On August 13, 2021, the Court of Appeals of Texas affirmed its trial court’s registration of an ex parte Mexican custody order. The father, Mr. Tucker, appeals the registration, arguing that, at the time the Mexican court issued its order, giving Ms. Covarrubias Campos interim custody, he had no notice.
First, Mr. Tucker argued that he had no due process and was never provided a fundamental right to be heard or contest the allegations in the Mexican proceeding. A court order should not be recognized as a matter of comity in a U.S. proceeding if due process is not met. Due process requires notice and an opportunity to be heard “at a meaningful time and in a meaningful manner.” Determining “what process is due is measured by a flexible standard that depends on the practical requirements of the circumstances.” Mr. Tucker does not debate that the Mexican courts had jurisdiction in substantial conformity with the UCCJEA to issue the order (it was the child’s home state), that it was issued as an “emergency order,” or that he had actual notice within a few days after it was issued and was aware that he could contest it in the Mexican proceeding. The order itself was provisional pending trial, and its substance was subject to challenge or modification in the interim. Further, Mr. Tucker himself had requested a temporary ex parte restraining order from the Texas courts proximate to the Mexican proceedings. Texas courts permit these orders without violating due process.

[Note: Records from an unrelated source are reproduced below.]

Lemma extremal_clique_eigenvalue : (0 < k)%N -> (0 < n)%N ->
  (forall x y, x != y -> e x y) \/ clique_number e t = 0%N ->
  exists2 lam, is_eigenvalue t A lam & cmod lam ^+ t
    = (t%:R / n%:R) ^+ t * 'C(n, t)%:R * (clique_number e t)%:R ^+ k.
Proof.
move=> k_gt0 n_gt0 [e_complete|no_clique].
  exists 'C(n.-1, k)%:R; first exact: complete_clique_eigenvalue.
  rewrite -(rmorph_nat (real_complex R)) cmod_real // clique_number_complete //.
  rewrite -mulrA -exprS -exprMn mulrAC -natrM -mul_bin_diag natrM mulrC mulKf //.
  by rewrite pnatr_eq0 -lt0n.
exists 0; first exact: clique_free_eigenvalue0.
by rewrite no_clique cmod0 !expr0n /= (negbTE (lt0n_neq0 k_gt0)) mulr0.
Qed.

End CliqueTensor.

Section SpectralRadius.
Context {R : realType} {m n : nat} {A : tensor R n}.

Lemma spectral_radius_eq0 : ~ (exists lam, is_eigenvalue m A lam) ->
  spectral_radius m A = 0.
Proof.
move=> no_eig; rewrite /spectral_radius.
suff -> : [set cmod lam | lam in [set lam | is_eigenvalue m A lam]]%classic = set0.
  exact: sup0.
by apply/seteqP; split => // r [lam eig _]; case: no_eig; exists lam.
Qed.

Context {b : R}.
Hypothesis eig_le : forall lam, is_eigenvalue m A lam -> cmod lam <= b.

Lemma cmod_le_spectral_radius lam : is_eigenvalue m A lam ->
  cmod lam <= spectral_radius m A.
Proof.
move=> eig; apply: sup_upper_bound; last by exists lam.
by split; [exists (cmod lam), lam | exists b => _ [mu eig_mu <-]; apply: eig_le].
Qed.

Lemma spectral_radius_le : 0 <= b -> spectral_radius m A <= b.
Proof.
have [[lam eig] _|no_eig] := pselect (exists lam, is_eigenvalue m A lam).
  apply: ge_sup => [|_ [mu eig_mu <-]]; last exact: eig_le.
  by exists (cmod lam), lam.
by rewrite spectral_radius_eq0.
Qed.

End SpectralRadius.

Lemma exprS_mul_powR (R : realType) (a b c : R) k : 0 <= b -> 0 <= c ->
  (a * b `^ (k.+1%:R)^-1 * c `^ ((k.+1%:R - 1) / k.+1%:R)) ^+ k.+1
    = a ^+ k.+1 * b * c ^+ k.
Proof.
move=> b_ge0 c_ge0; have k1_neq0 : k.+1%:R != 0 :> R by rewrite pnatr_eq0.
have powRX (x r : R) : 0 <= x -> (x `^ r) ^+ k.+1 = x `^ (r * k.+1%:R).
  by move=> x_ge0; rewrite -powR_mulrn ?powR_ge0 // powRrM.
rewrite !exprMn !powRX // mulVf // divfK // powRr1 //.
by rewrite -natr1 addrK powR_mulrn.
Qed.

Theorem lemma6 (R : realType) (t n : nat) (e : rel 'I_n)
  (e_sym : symmetric e) (e_irr : irreflexive e) (ht : (2 <= t)%N) :
  let bound : R :=
    t%:R / n%:R * ('C(n, t)%:R `^ (t%:R)^-1)
      * ((clique_number e t)%:R `^ ((t%:R - 1) / t%:R)) in
  clique_spectral_radius R e t <= bound /\
  ((forall x y : 'I_n, x != y -> e x y) \/ clique_number e t = 0%N ->
     clique_spectral_radius R e t = bound).
Proof.
case: t ht => [|k] // k_gt0 bound.
have bound_ge0 : 0 <= bound by rewrite !mulr_ge0 ?divr_ge0 ?powR_ge0.
have boundX : bound ^+ k.+1
    = (k.+1%:R / n%:R) ^+ k.+1 * 'C(n, k.+1)%:R * (clique_number e k.+1)%:R ^+ k.
  by rewrite exprS_mul_powR.
have eig_le lam : is_eigenvalue k.+1 (clique_tensor R e k.+1) lam -> cmod lam <= bound.
  by move/clique_eigenvalue_exprn_le; rewrite -boundX ler_pXn2r // nnegrE cmod_ge0.
split=> [|extremal]; first exact: spectral_radius_le.
apply/le_anti; rewrite spectral_radius_le //=.
have [n0|n_gt0] := posnP n.
  rewrite /clique_spectral_radius spectral_radius_eq0 => [|[lam [x [[[i i_lt] _] _]]]].
    by rewrite /bound (_ : n%:R = 0) ?invr0 ?mulr0 ?mul0r // n0.
  by rewrite n0 in i_lt.
have [lam eig_lam] := extremal_clique_eigenvalue (R := R) e k_gt0 n_gt0 extremal.
move/eqP; rewrite -boundX eqrXn2 ?cmod_ge0 // => /eqP <-.
exact: cmod_le_spectral_radius eig_le _ eig_lam.
Qed.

Second, Mr. Tucker argued that he received no notice or opportunity to be heard as required by the UCCJEA. He cites to the section of the UCCJEA that says, “the Act ‘does not govern the enforceability of a child custody determination made without notice or an opportunity to be heard.'” This section, however, relates to the enforceability of a child-custody determination, and not its registration.

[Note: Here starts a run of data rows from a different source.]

(* Let $\mathcal{R}$ be a cell space with finite stabiliser $G_0$, let $A$ be a finite subset of $M$, and let $\mathfrak{g}\in G/G_0$. Then $|(\cdot\triangleleft\mathfrak{g})^{-1}(A)|\leq|G_0|\cdot|A|$.
   Context: A cell space $\mathcal{R}$ consists of a group $G$ acting transitively on the left on a nonempty set $M$ via $\triangleright$, a point $m_0\in M$ and a family $(g_{m_0,m})_{m\in M}$ in $G$ with $g_{m_0,m}\triangleright m_0=m$. $G_0$ is the stabiliser of $m_0$ and $G/G_0$ the set of left cosets. The right semi-action $\triangleleft\colon M\times G/G_0\to M$ is $m\triangleleft gG_0=g_{m_0,m}g\triangleright m_0$, and $(\cdot\triangleleft\mathfrak{g})^{-1}(A)=\{m\in M: m\triangleleft\mathfrak{g}\in A\}$. *)

From mathcomp Require Import all_boot finmap.
From mathcomp Require Import classical_sets cardinality.
Unset Printing Implicit Defensive.
Local Open Scope classical_set_scope.

Record cell_space := CellSpace {
  cs_G : choiceType;
  cs_M : choiceType;
  cs_mul : cs_G -> cs_G -> cs_G;
  cs_one : cs_G;
  cs_inv : cs_G -> cs_G;
  cs_mulA : forall x y z, cs_mul x (cs_mul y z) = cs_mul (cs_mul x y) z;
  cs_mul1g : forall x, cs_mul cs_one x = x;
  cs_mulVg : forall x, cs_mul (cs_inv x) x = cs_one;
  cs_act : cs_G -> cs_M -> cs_M;
  cs_act1 : forall m, cs_act cs_one m = m;
  cs_actM : forall g h m, cs_act (cs_mul g h) m = cs_act g (cs_act h m);
  cs_trans : forall m m', exists g, cs_act g m = m';
  cs_m0 : cs_M;
  cs_gm : cs_M -> cs_G;
  cs_gm_spec : forall m, cs_act (cs_gm m) cs_m0 = m
}.
Arguments cs_mul {_}. Arguments cs_one {_}. Arguments cs_inv {_}.
Arguments cs_act {_}. Arguments cs_m0 {_}. Arguments cs_gm {_}.

Definition stabiliser (R : cell_space) : set (cs_G R) :=
  [set g | cs_act g (@cs_m0 R) = @cs_m0 R].

(* Right semi-action  m <| gG_0 := g_{m0,m} g |> m0  (independent of the
   representative g of the coset gG_0, since G_0 fixes m0).  A coset
   gG_0 in G/G_0 is given by any representative g. *)
Definition semiact (R : cell_space) (m : cs_M R) (g : cs_G R) : cs_M R :=
  cs_act (cs_mul (cs_gm m) g) (@cs_m0 R).

Definition semiact_preimage (R : cell_space) (g : cs_G R) (A : set (cs_M R))
  : set (cs_M R) := [set m | A (semiact R m g)].

From mathcomp Require Import all_boot finmap.
From mathcomp Require Import classical_sets cardinality.
Local Open Scope classical_set_scope.
Local Open Scope fset_scope.

(* If [m <| g = a] then [g_{m0,m} g] and [g_{m0,a}] both send [m0] to [a], so
   they differ on the right by some [k] in [G_0] and [m = g_{m0,a} k g^-1 |> m0].
   Hence the preimage of [A] is an image of [A x G_0]. *)

Section CellSpaceGroup.
Variable R : cell_space.
Local Notation "x * y" := (@cs_mul R x y).

Lemma cs_mulgV (x : cs_G R) : x * cs_inv x = cs_one.
Proof.
set y := x * cs_inv x.
have yy : y * y = y.
  by rewrite /y -cs_mulA (@cs_mulA R (cs_inv x) x) cs_mulVg cs_mul1g.
by rewrite -(@cs_mulVg R y) -{3}yy cs_mulA cs_mulVg cs_mul1g.
Qed.

Lemma cs_mulg1 (x : cs_G R) : x * cs_one = x.
Proof. by rewrite -(@cs_mulVg R x) cs_mulA cs_mulgV cs_mul1g. Qed.

Lemma semiact_preimage_sub_image (g : cs_G R) (A : set (cs_M R)) :
  (semiact_preimage R g A `<=`
    (fun p => cs_act (cs_gm p.1 * p.2 * cs_inv g) cs_m0) @` (A `*` stabiliser R))%classic.
Proof.
move=> m Am; set a := semiact R m g.
exists (a, cs_inv (cs_gm a) * (cs_gm m * g)); first split => //=.
  rewrite /stabiliser /= cs_actM.
  have -> : cs_act (cs_gm m * g) cs_m0 = a by [].
  by rewrite -{2}(cs_gm_spec R a) -cs_actM cs_mulVg cs_act1.
by rewrite /= cs_mulA cs_mulgV cs_mul1g -cs_mulA cs_mulgV cs_mulg1 cs_gm_spec.
Qed.

End CellSpaceGroup.

Lemma card_fsetM_le (K K' : choiceType) (A : {fset K}) (E : {fset K'}) :
  (#|` A `*` E| <= #|` A| * #|` E|)%N.
Proof.
have sub : A `*` E `<=` [fset x in [seq (a, e) | a <- A, e <- E]].
  apply/fsubsetP => -[a e]; rewrite in_fsetM /= => /andP[Ha He].
  by rewrite !inE; apply/allpairsP; exists (a, e).
apply: leq_trans (fsubset_leq_card sub) _.
by rewrite card_fseq (leq_trans (size_undup _)) // size_allpairs.
Qed.

Lemma sub_image_setX_card_le (T1 T2 U : choiceType)
    (A : set T1) (B : set T2) (f : T1 * T2 -> U) (P : set U) :
  finite_set A -> finite_set B -> (P `<=` f @` (A `*` B))%classic ->
  finite_set P /\ (#|` fset_set P| <= #|` fset_set A| * #|` fset_set B|)%N.
Proof.
move=> finA finB sPf.
have finAB : finite_set (A `*` B)%classic by exact: finite_setX.
have finfAB : finite_set (f @` (A `*` B))%classic by exact: finite_image.
have finP : finite_set P by exact: sub_finite_set sPf finfAB.
split=> //.
have sPfAB : fset_set P `<=` fset_set (f @` (A `*` B))%classic.
  by rewrite -fset_set_sub.
apply: leq_trans (fsubset_leq_card sPfAB) _.
rewrite fset_set_image // fset_setX //.
by apply: leq_trans (leq_imfset_card _ _ _) _; rewrite card_fsetM_le.
Qed.

Theorem corollary1 (R : cell_space) (A : set (cs_M R)) (g : cs_G R) :
  finite_set (stabiliser R) -> finite_set A ->
  finite_set (semiact_preimage R g A) /\
  (#|` fset_set (semiact_preimage R g A)| <=
     #|` fset_set (stabiliser R)| * #|` fset_set A|)%N.
Proof.
move=> finG0 finA; rewrite mulnC.
exact: sub_image_setX_card_le finA finG0 (semiact_preimage_sub_image _ g A).
Qed.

Third, Mr. Tucker argued that he was never provided notice as required by a separate provision of the UCCJEA. However, the plain language of this portion of the UCCJEA does not require notice unless Mr. Tucker met his burden to establish that he was “entitled to notice” in the Mexican court proceeding itself. The trial court found that Mr. Tucker was not entitled to notice in the Mexican proceeding prior to the Mexican Order being issued, and Mr. Tucker did not cite any evidence that would meet his burden to establish that he was entitled to notice under Mexican law.